Thoroughly educated leadership and staff in utility and public works departments is the foundation of any successful Cross-Connection Control Program. These leaders set the tone for the organization, allocate resources, and prioritize safety measures.

Resource Allocation: Leaders who understand the importance of cross-connection control are more likely to allocate the necessary resources, including funding and personnel, to ensure the program’s success. Adequate resources are essential for implementing preventive measures and responding effectively to incidents.

Priority on Safety: Informed leaders make water safety a top priority. They lead by example, emphasizing the importance of compliance and proactive measures. This culture of safety permeates the entire organization, from the top down.

Community Engagement: Informed leadership can also engage with the community effectively. They can communicate the importance of cross-connection control, transparency in water safety measures, and the role of the public in safeguarding the water supply.

The Power of Public Awareness

Public awareness and education are equally vital components of a thriving Cross-Connection Control Program. When a water system staff is well versed in the ins and outs of Cross-Connection Control and Backflow Prevention, they are more prepared to effectively engage water customers onsite, over the phone, and with information on their website. The general public is not only the end consumer but can also contribute significantly to the program’s success.
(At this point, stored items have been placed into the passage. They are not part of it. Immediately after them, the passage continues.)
Theorem theorem2p3 (R : realType) (m : nat) (n : 'I_m -> nat)
  (I J : mindex n) (c : R[i]) :
  (1 <= m)%N -> (forall k, (2 <= n k)%N) -> c != 0 ->
  (I = J -> c \is Num.real) ->
  (I = J -> hrank_is (Etensor I J c) 1) /\
  (I != J -> hrank_is (Etensor I J c) (2 * #|[set k | I k != J k]|)).
Proof.
(* The bounds [1 <= m] and [2 <= n k] are implied by [I != J] wherever needed. *)
move=> _ _ c_neq0 c_real; split=> [eq_IJ | neq_IJ].
  by rewrite -eq_IJ; apply: hrank_Etensor_diag c_neq0 (c_real eq_IJ).
split; first exact: has_hdecomp_Etensor.
by move=> r; apply: hdecomp_Etensor_ge.
Qed.
(* Let $G=\langle V,E\rangle$ be a directed graph in which every vertex has a self-loop, let $P=\{\pi_1,\ldots,\pi_n\}$ be a plan for $n$ agents in $G$, and let $D\in\mathbb{N}$. If the ACID instance $(G,P,D)$ is solvable, then the ACID instance $(G,P,D')$ with $D'=(n-1)\cdot\|P\|$ is also solvable.
   Context: A path in $G$ is a sequence of vertices $\pi=v_1v_2\ldots v_m$ with $(v_k,v_{k+1})\in E$ for all $1\le k<m$; its length is its number of steps $m-1$. Agent $i$ has a source $s_i$ and goal $g_i$; a plan $P=\{\pi_1,\ldots,\pi_n\}$ is a set of paths where $\pi_i$ goes from $s_i$ to $g_i$. The sum-of-costs $\|P\|$ is the sum of the lengths of the paths in $P$. Two paths $v_1\ldots v_k$ and $u_1\ldots u_k$ are non-colliding if for all $1\le j<k$: $v_j\neq u_j$ and $(v_j,v_{j+1})\neq(u_{j+1},u_j)$; if the paths have different lengths, the shorter one is extended by having its agent stay at its last vertex. A plan is non-colliding if every two of its paths are non-colliding. For $d\in\mathbb{N}$, a path $\pi'$ is a $d$-delay of $\pi=v_1\ldots v_m$ if $\pi'=v_1v_1^{k_1}v_2v_2^{k_2}\ldots v_mv_m^{k_m}$ with integers $k_i\ge0$, $\sum_i k_i=d$, where $v^{k}$ denotes $k$ additional repetitions of $v$. ACID (Avoiding Collisions by Introducing Delays): given $G$, a plan $P=\{\pi_1,\ldots,\pi_n\}$ and a budget $D\in\mathbb{N}$, the instance is solvable if there exist paths $\pi'_1,\ldots,\pi'_n$ with $\pi'_i$ a $d_i$-delay of $\pi_i$, $\sum_i d_i\le D$, and $\{\pi'_1,\ldots,\pi'_n\}$ non-colliding. *)

From mathcomp Require Import all_boot.
Set Implicit Arguments. Unset Strict Implicit. Unset Printing Implicit Defensive.

Definition is_path (V : finType) (E : rel V) (p : seq V) : bool :=
  match p with
  | [::] => false
  | v :: p' => path E v p'
  end.

Definition path_length (V : Type) (p : seq V) : nat := (size p).-1.

(* Vertex occupied at 0-indexed time t by an agent following p (whose first
   vertex is v); past the end of p the agent stays at its last vertex. *)
Definition pos (V : Type) (v : V) (p : seq V) (t : nat) : V :=
  nth (last v p) p t.

(* Non-colliding paths v_1..v_k and u_1..u_k (shorter one extended by waiting at
   its last vertex, so k = max of the sizes): for all 1 <= j < k,
   v_j <> u_j and (v_j, v_{j+1}) <> (u_{j+1}, u_j).  (0-indexed: j < k - 1.)
   Paths are nonempty; the empty-sequence case is irrelevant and set to True. *)
Definition non_colliding (V : eqType) (p q : seq V) : Prop :=
  match p, q with
  | v :: _, u :: _ =>
      forall j, j.+1 < maxn (size p) (size q) ->
        pos v p j != pos u q j /\
        (pos v p j, pos v p j.+1) != (pos u q j.+1, pos u q j)
  | _, _ => True
  end.

(* p' is a d-delay of p = v_1 .. v_m : p' = v_1 v_1^{k_1} ... v_m v_m^{k_m}
   with k_i >= 0 and \sum_i k_i = d. *)
Definition is_delay (V : Type) (d : nat) (p p' : seq V) : Prop :=
  exists ks : seq nat,
    [/\ size ks = size p, sumn ks = d &
        p' = flatten [seq nseq k.+1 v | '(v, k) <- zip p ks]].

Definition is_plan (V : finType) (E : rel V) (n : nat) (s g : 'I_n -> V)
    (pi : 'I_n -> seq V) : Prop :=
  forall i, [/\ is_path E (pi i), head (s i) (pi i) = s i &
                last (s i) (pi i) = g i].

Definition sum_of_costs (V : Type) (n : nat) (pi : 'I_n -> seq V) : nat :=
  \sum_(i < n) path_length (pi i).

Definition acid_solvable (V : finType) (n : nat) (pi : 'I_n -> seq V)
    (D : nat) : Prop :=
  exists (pi' : 'I_n -> seq V) (d : 'I_n -> nat),
    [/\ forall i, is_delay (d i) (pi i) (pi' i),
        \sum_(i < n) d i <= D &
        forall i j, i != j -> non_colliding (pi' i) (pi' j)].

From mathcomp Require Import all_boot zify.
Set Implicit Arguments. Unset Strict Implicit. Unset Printing Implicit Defensive.

(* Describe a delayed plan by the wait counts ks_i of its agents and look at
   the time steps of the delayed plan.  If at some step no agent moves on to
   the next vertex of its path, deleting that step from every delayed path
   keeps the plan non-colliding (the deleted configuration repeats the
   previous one) and lowers the total delay.  Once no such idle step is left,
   some agent advances at every step before the last arrival T, so
   T <= ||P||; agent i then waits at most T - |pi_i| steps, and the total
   delay is at most n ||P|| - ||P||. *)

Definition rem_at (T : Type) (t : nat) (s : seq T) : seq T :=
  take t s ++ drop t.+1 s.

Section RemAt.

Variable T : Type.
Implicit Types (s : seq T) (t : nat).

Lemma rem_at_cons t (x : T) s : rem_at t.+1 (x :: s) = x :: rem_at t s.
Proof. by []. Qed.

Lemma rem_at_oversize t s : size s <= t -> rem_at t s = s.
Proof. by move=> le_s_t; rewrite /rem_at take_oversize ?drop_oversize ?cats0 //; lia. Qed.

Lemma size_rem_at t s :
  size (rem_at t s) = if t < size s then (size s).-1 else size s.
Proof. by rewrite /rem_at size_cat size_take size_drop; case: ifP; lia. Qed.

Lemma nth_rem_at (x0 : T) t s u :
  nth x0 (rem_at t s) u = nth x0 s (if u < t then u else u.+1).
Proof.
case: (ltnP t (size s)) => [lt_ts | le_st]; last first.
  by rewrite rem_at_oversize //; case: ltnP => // le_tu; rewrite !nth_default //; lia.
rewrite /rem_at nth_cat size_take lt_ts nth_drop.
case: ltnP => [lt_ut | le_tu]; first by rewrite nth_take.
by congr nth; lia.
Qed.

Lemma rem_at_cat t s1 s2 :
  rem_at t (s1 ++ s2) =
    if t < size s1 then rem_at t s1 ++ s2 else s1 ++ rem_at (t - size s1) s2.
Proof.
rewrite /rem_at take_cat drop_cat; case: (ltnP t (size s1)) => [lt_t_s1 | le_s1_t].
  case: ltnP => [|le_s1_t1]; first by rewrite catA.
  have -> : t.+1 - size s1 = 0 by lia.
  by rewrite drop0 (drop_oversize le_s1_t1) cats0.
by rewrite ifF -?catA ?subSn //; lia.
Qed.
A water customer holds a notification of their upcoming onsite Cross-Connection Control Survey

Understanding the Risks: When the public is educated about cross-connections and backflow prevention, they become aware of the potential risks to their water supply. This knowledge empowers them to take preventive actions within their homes and businesses.
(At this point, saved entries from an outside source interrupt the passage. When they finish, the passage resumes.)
(* Every round of the drain policy ends with T1 and T2 exhausted, so one round suffices. *)
Lemma RT_exec_drain_le1 v cs al sigma : 0 < v -> is_exec crn cs al -> weakly_fair crn cs al ->
  initial (cs 0%N) -> (RT_exec v crn drain cs al sigma drain_policy <= 1%:E)%E.
Proof.
move=> v_gt0 exec fair init; have inv := exec_drain_invariant exec init.
rewrite /RT_exec /stab_step; case: leastP => [ts _ min_ts|no_stab]; last first.
  have [t free] := exec_T_free exec fair init.
  by move: (no_stab t) => /asboolPn[]; apply/stab_drainP.
have first_round :
    is_true (if round crn cs al sigma drain_policy 1 is Some t1 then ts <= t1 else true)%N.
  rewrite /=; case E: tau => [t1|] //; move: E; rewrite /tau.
  case: leastP => // s stop _ [<-].
  have [u le_u free] := tau_stop_drain_T_free exec inv stop.
  by apply: leq_trans le_u; apply: min_ts; apply/asboolP/stab_drainP.
case: leastP => [istar _ min_i|/(_ 1%N)]; last by rewrite first_round.
case: istar {min_i} (min_i 1%N first_round) => [|[|//]] _; first by rewrite big_ord0 lee_fin.
by rewrite big_ord1 /=; apply: TC_drain_le1 => //; case: (inv (sigma 0%N)).
Qed.

Lemma RT_stab_drain_le1 phi n : 0 < phi n -> (RT_stab phi crn drain n <= 1%:E)%E.
Proof.
move=> phi_gt0; apply: ge_ereal_inf; exists (RT_max (phi n) crn drain drain_policy n).
  by exists drain_policy; split => //; apply: drain_policy_runtime.
apply: ge_ereal_sup => _ [cs [al [sigma [[exec fair [c [_ [init _]]] _ _] ->]]]].
exact: RT_exec_drain_le1.
Qed.

(** * Lower bound for policies restricted to escaping reactions *)

Section LazyExecution.
Variable m : nat.

Definition c_start := conf 1 0 2 m.+1.
Definition c_swapped := conf 0 1 2 m.+1.
Definition c_drained := conf 0 0 2 m.+2.
Definition c_final := conf 0 0 0 m.+4.

Lemma apply_T1_to_T2_start : apply_r T1_to_T2 c_start = c_swapped.
Proof. by rewrite apply_rE /= !confE; congr conf; lia. Qed.

Lemma scc_start_swapped : scc crn c_start c_swapped.
Proof.
have T2T1 : apply_r T2_to_T1 c_swapped = c_start by rewrite apply_rE /= !confE; congr conf; lia.
split.
  apply: (reach_step T1_to_T2_in); rewrite ?apply_T1_to_T2_start ?applicableE /= ?confE //.
  exact: reach_refl.
by apply: (reach_step T2_to_T1_in); rewrite ?T2T1 ?applicableE /= ?confE //; apply: reach_refl.
Qed.

Lemma escapes_start a : a \in NV crn -> escapes crn c_start a -> a = KK_to_DD.
Proof.
have scc_refl : scc crn c_start c_start by split; apply: reach_refl.
rewrite mem_filter => /andP[nvoid Rs_a]; move: a Rs_a nvoid; apply: crn_ind => //.
- by move=> _ [_ /(_ _ scc_start_swapped)[]]; rewrite applicable_T1_to_D /c_swapped confE.
- by move=> _ [_ /(_ _ scc_refl)[]]; rewrite applicable_T2_to_D /c_start confE.
- move=> _ [_ /(_ _ scc_refl)[_ []]].
  by rewrite apply_T1_to_T2_start; apply: scc_start_swapped.
- by move=> _ [_ /(_ _ scc_refl)[]]; rewrite applicableE /= !confE.
- by move=> r; rewrite /is_void eqxx.
Qed.

(* The execution idles at c_start for M steps, fires T1_to_D and KK_to_DD, and then alternates
   the two void reactions applicable at c_final, which makes it weakly fair. *)
Variable M : nat.

Definition lazy_al (t : nat) : reaction species :=
  if (t < M)%N then void_D else if t == M then T1_to_D
  else if t == M.+1 then KK_to_DD else if odd t then void_D else void_DD.

Definition lazy_cs (t : nat) : config species :=
  if (t <= M)%N then c_start else if t == M.+1 then c_drained else c_final.

Lemma lazy_cs_start t : (t <= M)%N -> lazy_cs t = c_start.
Proof. by rewrite /lazy_cs => ->. Qed.

Lemma lazy_cs_final t : (M.+2 <= t)%N -> lazy_cs t = c_final.
Proof. by move=> ?; rewrite /lazy_cs ifF ?ifF //; lia. Qed.

Lemma lazy_al_final t : (M.+2 <= t)%N ->
  lazy_al t = if odd t then void_D else void_DD.
Proof.
move=> ?; rewrite /lazy_al.
by have [-> -> ->] : [/\ (t < M)%N = false, (t == M) = false & (t == M.+1) = false] by split; lia.
Qed.

Lemma lazy_al_lt t : (t < M)%N -> lazy_al t = void_D.
Proof. by rewrite /lazy_al => ->. Qed.

Lemma lazy_al_M : lazy_al M = T1_to_D.
Proof. by rewrite /lazy_al ltnn eqxx. Qed.

Lemma lazy_al_M1 : lazy_al M.+1 = KK_to_DD.
Proof. by rewrite /lazy_al ltnNge leqnSn /= eqxx (_ : (M.+1 == M) = false) //; lia. Qed.

Lemma lazy_cs_M1 : lazy_cs M.+1 = c_drained.
Proof. by rewrite /lazy_cs ltnn eqxx. Qed.

Lemma lazy_exec : is_exec crn lazy_cs lazy_al.
Proof.
split; first by rewrite lazy_cs_start // norm1E !confE.
move=> t; have void_step r :
    void_reaction r \in crn -> applicable (void_reaction r) (lazy_cs t) ->
    lazy_cs t.+1 = lazy_cs t ->
    [/\ void_reaction r \in crn, applicable (void_reaction r) (lazy_cs t)
      & lazy_cs t.+1 = apply_r (void_reaction r) (lazy_cs t)].
  by move=> ? app ->; rewrite apply_void_reaction.
case: (ltngtP t M) => [lt_tM|lt_Mt|->].
- rewrite lazy_al_lt //; apply: void_step; rewrite ?void_D_in ?lazy_cs_start //; try lia.
  by rewrite applicableE /= !confE.
- have [->|le_t] : t = M.+1 \/ (M.+2 <= t)%N by lia.
    rewrite lazy_al_M1 lazy_cs_M1 lazy_cs_final //.
    split; [exact: KK_to_DD_in | by rewrite applicable_KK_to_DD confE |].
    by rewrite apply_KK_to_DD !confE; congr conf; lia.
  have ? : (M.+2 <= t.+1)%N by lia.
  rewrite lazy_al_final //; case: odd; apply: void_step;
    by rewrite ?void_D_in ?void_DD_in ?lazy_cs_final // applicableE /= !confE.
- rewrite lazy_al_M lazy_cs_start // lazy_cs_M1.
  split; [exact: T1_to_D_in | by rewrite applicable_T1_to_D confE |].
  by rewrite apply_T1_to_D !confE; congr conf; lia.
Qed.

Lemma applicable_final a : a \in crn -> applicable a c_final ->
  a = void_D \/ a = void_DD.
Proof.
rewrite !inE; do 13 (case/orP; [move/eqP->; rewrite applicableE /= !confE //; by [left|right] |]).
by move/eqP->; right.
Qed.

Lemma lazy_fair : weakly_fair crn lazy_cs lazy_al.
Proof.
move=> t a Rs_a _; set t0 := maxn t M.+2.
case: (boolP (applicable a c_final)) => [app|napp]; last first.
  by exists t0; [lia | right; rewrite lazy_cs_final //; lia].
case: (applicable_final Rs_a app) => ->.
  by exists t0.*2.+1; [lia | left; rewrite lazy_al_final /= ?odd_double //; lia].
by exists t0.*2; [lia | left; rewrite lazy_al_final ?odd_double //; lia].
Qed.

Lemma lazy_initial : initial (lazy_cs 0%N).
Proof. by exists m; rewrite lazy_cs_start. Qed.

Lemma lazy_valid : valid drain (lazy_cs 0%N).
Proof.
exists c_final; split; first by rewrite norm1E !confE.
by split; [apply: lazy_initial | rewrite /T_free !confE].
Qed.

Lemma lazy_stab_step : stab_step crn drain lazy_cs = Some M.+1.
Proof.
apply: least_eq_Some => [|t /asboolP/(stab_drainP _ lazy_initial)].
  by apply/asboolP/(stab_drainP _ lazy_initial); rewrite lazy_cs_M1 /T_free !confE.
by rewrite /lazy_cs; case: leqP => // _ [+ _]; rewrite confE.
Qed.

(* A policy that watches no reaction at c_start spends one round, of expected length 1 / Pi,
   per idle step. *)
Lemma RT_exec_idle_ge v rho : 0 <= v -> (forall a, a \in crn -> ~~ rho c_start a) ->
  ((M.+1%:R / prop_total v crn c_start)%:E <= RT_exec v crn drain lazy_cs lazy_al id rho)%E.
Proof.
move=> v_ge0 idle.
have idle_rounds i : (i <= M.+1)%N -> round crn lazy_cs lazy_al id rho i = Some i.
  by move=> le_iM; apply: round_idle => j a lt_ji; rewrite lazy_cs_start //; [apply: idle | lia].
rewrite /RT_exec lazy_stab_step (least_eq_Some (m := M.+1)); first last.
- by move=> k; case: (leqP k M) => [le_kM|//]; rewrite idle_rounds //; lia.
- by rewrite idle_rounds.
have -> : ((M.+1%:R / prop_total v crn c_start)%:E =
            \sum_(i < M.+1) ((prop_total v crn c_start)^-1)%:E)%E.
  by rewrite sumEFin sumr_const card_ord mulr_natl.
apply: lee_sum => i _; rewrite idle_rounds ?lazy_cs_start; last exact: ltnW.
  exact: inv_prop_total_le_TC.
by rewrite -ltnS.
Qed.

End LazyExecution.

Lemma RT_exec_single_round m v rho :
  RT_exec v crn drain (lazy_cs m 0) (lazy_al 0) id rho = TC v crn (rho (c_start m)) (c_start m).
Proof.
rewrite /RT_exec lazy_stab_step (least_eq_Some (m := 1%N)); first last.
- by case.
- rewrite /=; case E: tau => [t1|] //; move: E; rewrite /tau.
  by case: leastP => // s /andP[? _] _ [<-].
by rewrite big_ord1 /= lazy_cs_start.
Qed.

Definition near_start m (c : config species) :=
  c = c_start m \/ c = c_swapped m \/ c = c_drained m.

Lemma near_start_K m c : near_start m c -> c K = 2%N.
Proof. by case=> [->|[->|->]]; rewrite confE. Qed.

Lemma near_start_step m c a : near_start m c -> a \in crn -> a != KK_to_DD ->
  applicable a c -> near_start m (apply_r a c).
Proof.
move=> near Rs_a not_KK; case: near => [->|[->|->]] app; case: (stepP Rs_a app) not_KK;
  rewrite ?eqxx // /near_start /c_start /c_swapped /c_drained ?confE //= => *;
  by [left | right; left | right; right].
Qed.

Lemma propQ_KK_to_DD Q v c : (forall a, a \in crn -> Q a = (a == KK_to_DD)) ->
  propQ crn Q v c = propensity v crn c KK_to_DD.
Proof.
move=> HQ; rewrite /propQ big_seq_cond (eq_bigl (pred1 KK_to_DD)) => [|a /=].
  by rewrite -big_filter filter_pred1_uniq ?uniq_crn ?KK_to_DD_in // big_seq1.
case: (boolP (a \in crn)) => [/HQ-> //| not_in].
by apply/esym/eqP => a_KK; rewrite a_KK KK_to_DD_in in not_in.
Qed.

(* From c_start only KK_to_DD ends the round, and its propensity is 1 / v, so the round lasts
   about v. *)
Lemma TC_KK_to_DD_ge m v Q : 0 < v -> (forall a, a \in crn -> Q a = (a == KK_to_DD)) ->
  ((v / 2)%:E <= TC v crn Q (c_start m))%E.
Proof.
move=> v_gt0 HQ; have v_ge0 := ltW v_gt0.
have prop_KK c : near_start m c -> propensity v crn c KK_to_DD = v^-1.
  by move=> near; rewrite propensity_KK_to_DD (near_start_K near) binn mul1r.
set B := prop_total v crn (c_start m) + prop_total v crn (c_swapped m)
          + prop_total v crn (c_drained m).
have Pi_ge c : near_start m c -> v^-1 <= prop_total v crn c.
  by move=> near; rewrite -(prop_KK c near); apply: propensity_le_total => //; apply: KK_to_DD_in.
have Pi_le_B c : near_start m c -> prop_total v crn c <= B.
  have := prop_total_ge0 crn v_ge0; rewrite /B => Pi_ge0.
  case=> [->|[->|->]]; have := Pi_ge0 (c_start m); have := Pi_ge0 (c_swapped m);
    have := Pi_ge0 (c_drained m); lra.
have vV_gt0 : 0 < v^-1 by rewrite invr_gt0.
have vV_le_B : v^-1 <= B by apply: le_trans (Pi_ge _ _) (Pi_le_B _ _); left.
have HP c : near_start m c -> [/\ ~~ Qdisabled crn Q c, 0 < prop_total v crn c,
                                 prop_total v crn c <= B & propQ crn Q v c <= v^-1].
  move=> near; split; last by rewrite propQ_KK_to_DD // prop_KK.
  - apply/allPn; exists KK_to_DD; first exact: KK_to_DD_in.
    by rewrite HQ ?KK_to_DD_in // eqxx /= negbK applicable_KK_to_DD (near_start_K near).
  - exact: lt_le_trans vV_gt0 (Pi_ge _ near).
  - exact: Pi_le_B.
have near_step c a : near_start m c -> a \in crn -> ~~ Q a -> 0 < propensity v crn c a ->
    near_start m (apply_r a c).
  move=> near Rs_a; rewrite HQ // => not_KK /propensity_gt0_applicable.
  exact: near_start_step.
have [T rhoT] : exists T, (1 - v^-1 / B) ^+ T <= 2^-1.
  apply: expr_le_small; last by rewrite invr_gt0.
  have B_gt0 : 0 < B by apply: lt_le_trans vV_le_B.
  by rewrite subr_ge0 ler_pdivrMr // mul1r vV_le_B ltrBlDr ltrDl divr_gt0.
apply: le_trans (TC_partial_le_TC crn Q v_ge0 T (c_start m)); rewrite lee_fin.
apply: le_trans (TC_partial_ge v_ge0 vV_gt0 vV_le_B HP near_step T (or_introl erefl)).
by rewrite invrK ler_pM2l //; lra.
Qed.

Lemma RT_max_escaping_ge v rho m : 0 < v -> is_runtime_policy crn rho ->
  (forall a, rho (c_start m) a -> escapes crn (c_start m) a) ->
  ((v / 2)%:E <= RT_max v crn drain rho (m + 4))%E.
Proof.
move=> v_gt0 runtime esc; have v_ge0 := ltW v_gt0.
have rho_KK a : rho (c_start m) a -> a = KK_to_DD.
  by move=> rho_a; apply: escapes_start (runtime _ _ rho_a) (esc _ rho_a).
have lazy_le M :
    (RT_exec v crn drain (lazy_cs m M) (lazy_al M) id rho <= RT_max v crn drain rho (m + 4))%E.
  apply: ereal_sup_ubound; exists (lazy_cs m M), (lazy_al M), id; split=> //.
  split=> //; [exact: lazy_exec | exact: lazy_fair | exact: lazy_valid |].
  by rewrite lazy_cs_start // norm1E !confE; lia.
case: (boolP (rho (c_start m) KK_to_DD)) => [watch|nwatch].
  apply: le_trans (lazy_le 0%N); rewrite RT_exec_single_round.
  by apply: TC_KK_to_DD_ge => // a _; apply/idP/eqP => [/rho_KK|->].
have idle a : a \in crn -> ~~ rho (c_start m) a.
  by move=> _; apply: contra nwatch => rho_a; rewrite -(rho_KK _ rho_a).
set Pi := prop_total v crn (c_start m).
have Pi_gt0 : 0 < Pi.
  apply: lt_le_trans (propensity_le_total v_ge0 _ void_D_in).
  by rewrite propensity_void_D confE ltr0n.
apply: le_trans (lazy_le (Num.truncn (v / 2 * Pi))).
apply: le_trans (RT_exec_idle_ge _ v_ge0 idle); rewrite lee_fin ler_pdivlMr //.
exact/ltW/truncnS_gt.
Qed.

Lemma RT_stab_esc_ge phi n : 0 < phi n -> (4 <= n)%N ->
  ((phi n / 2)%:E <= RT_stab_esc phi crn drain n)%E.
Proof.
move=> phi_gt0 n_ge4; apply: le_ereal_inf_tmp => _ [rho [runtime esc ->]].
move: (phi n) phi_gt0 => v v_gt0; rewrite -(subnK n_ge4).
apply: RT_max_escaping_ge => // a rho_a; apply: esc rho_a.
by rewrite norm1E !confE.
Qed.

Theorem proposition7p3 :
  exists (S : finType) (Rs : seq (reaction S)) (I : interface S),
    [/\ is_crn Rs, stably_correct Rs I &
      forall phi : nat -> Rdefinitions.R, volume_theta phi ->
        (exists (K : Rdefinitions.R) (N : nat), 0 < K /\
           forall n : nat, (N <= n)%N -> (RT_stab phi Rs I n <= (K * ln n%:R)%:E)%E) /\
        (exists (k : Rdefinitions.R) (N : nat), 0 < k /\
           forall n : nat, (N <= n)%N -> ((k * n%:R)%:E <= RT_stab_esc phi Rs I n)%E)].
Proof.
exists species, crn, drain; split; [exact: is_crn_crn | exact: stably_correct_drain |].
move=> phi [a [b [a_gt0 _ phi_bounds]]].
have phi_ge n : (1 <= n)%N -> a * n%:R <= phi n by move=> /phi_bounds /andP[].
have phi_gt0 n : (1 <= n)%N -> 0 < phi n.
  by move=> n_ge1; apply: lt_le_trans (phi_ge n n_ge1); rewrite mulr_gt0 // ltr0n.
split.
- have ln4_gt0 : 0 < ln 4%:R :> R by rewrite ln_gt0 // ltr1n.
  exists (ln 4%:R)^-1, 4%N; split=> [|n n_ge4]; first by rewrite invr_gt0.
  apply: le_trans (RT_stab_drain_le1 (phi_gt0 n _)) _; first lia.
  rewrite lee_fin mulrC ler_pdivlMr // mul1r ler_ln ?posrE ?ltr0n ?ler_nat //; lia.
- exists (a / 2), 4%N; split=> [|n n_ge4]; first by rewrite divr_gt0.
  have n_gt0 : (0 < n)%N by lia.
  apply: le_trans (RT_stab_esc_ge (phi_gt0 n n_gt0) n_ge4).
  by have := phi_ge n n_gt0; rewrite lee_fin; lra.
Qed.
Compliance with Regulations: Informed customers are more likely to comply with state regulations related to cross-connection control. They understand the rationale behind these rules and are more likely to take necessary steps, such as installing backflow prevention devices where required.

Consequences of Inadequate Education

While education is the bedrock of a successful Cross-Connection Control Program, the consequences of neglecting it are severe.

Regulatory Non-Compliance: Water utility staff who are not educated about cross-connection control regulations may inadvertently fail to enforce them. This can result in regulatory non-compliance, which may lead to legal issues and compromised water safety.

False Sense of Security: When water customers are not adequately informed about cross-connections and backflow, they may develop a false sense of security about the safety of their water supply. This can lead to complacency and a lack of vigilance, putting water quality at risk.

Accidental Hazardous Interconnections: Building owners and homeowners who are unaware of the risks may inadvertently create hazardous cross-connections within their plumbing systems. For example, a garden hose connected to a pesticide container can introduce toxins into the water supply. Such accidents can have serious health consequences.


In the realm of water safety, education is the cornerstone of a successful Cross-Connection Control Program. It begins with educating water utility staff on regulations, risks, and corrective actions. Informed leadership ensures that the program receives the necessary resources and prioritization. Public awareness and education empower customers to be vigilant and proactive in safeguarding their water supply.

Actionable Suggestions:

Neglecting education in cross-connection control has dire consequences, including a false sense of security, accidental hazardous interconnections, and regulatory non-compliance. Therefore, it is imperative that water utility organizations invest in comprehensive education and outreach efforts. When everyone involved, from utility staff to the general public, is well-informed, the result is not just safe water but also peace of mind for all. Water is life, and education is the key to protecting it.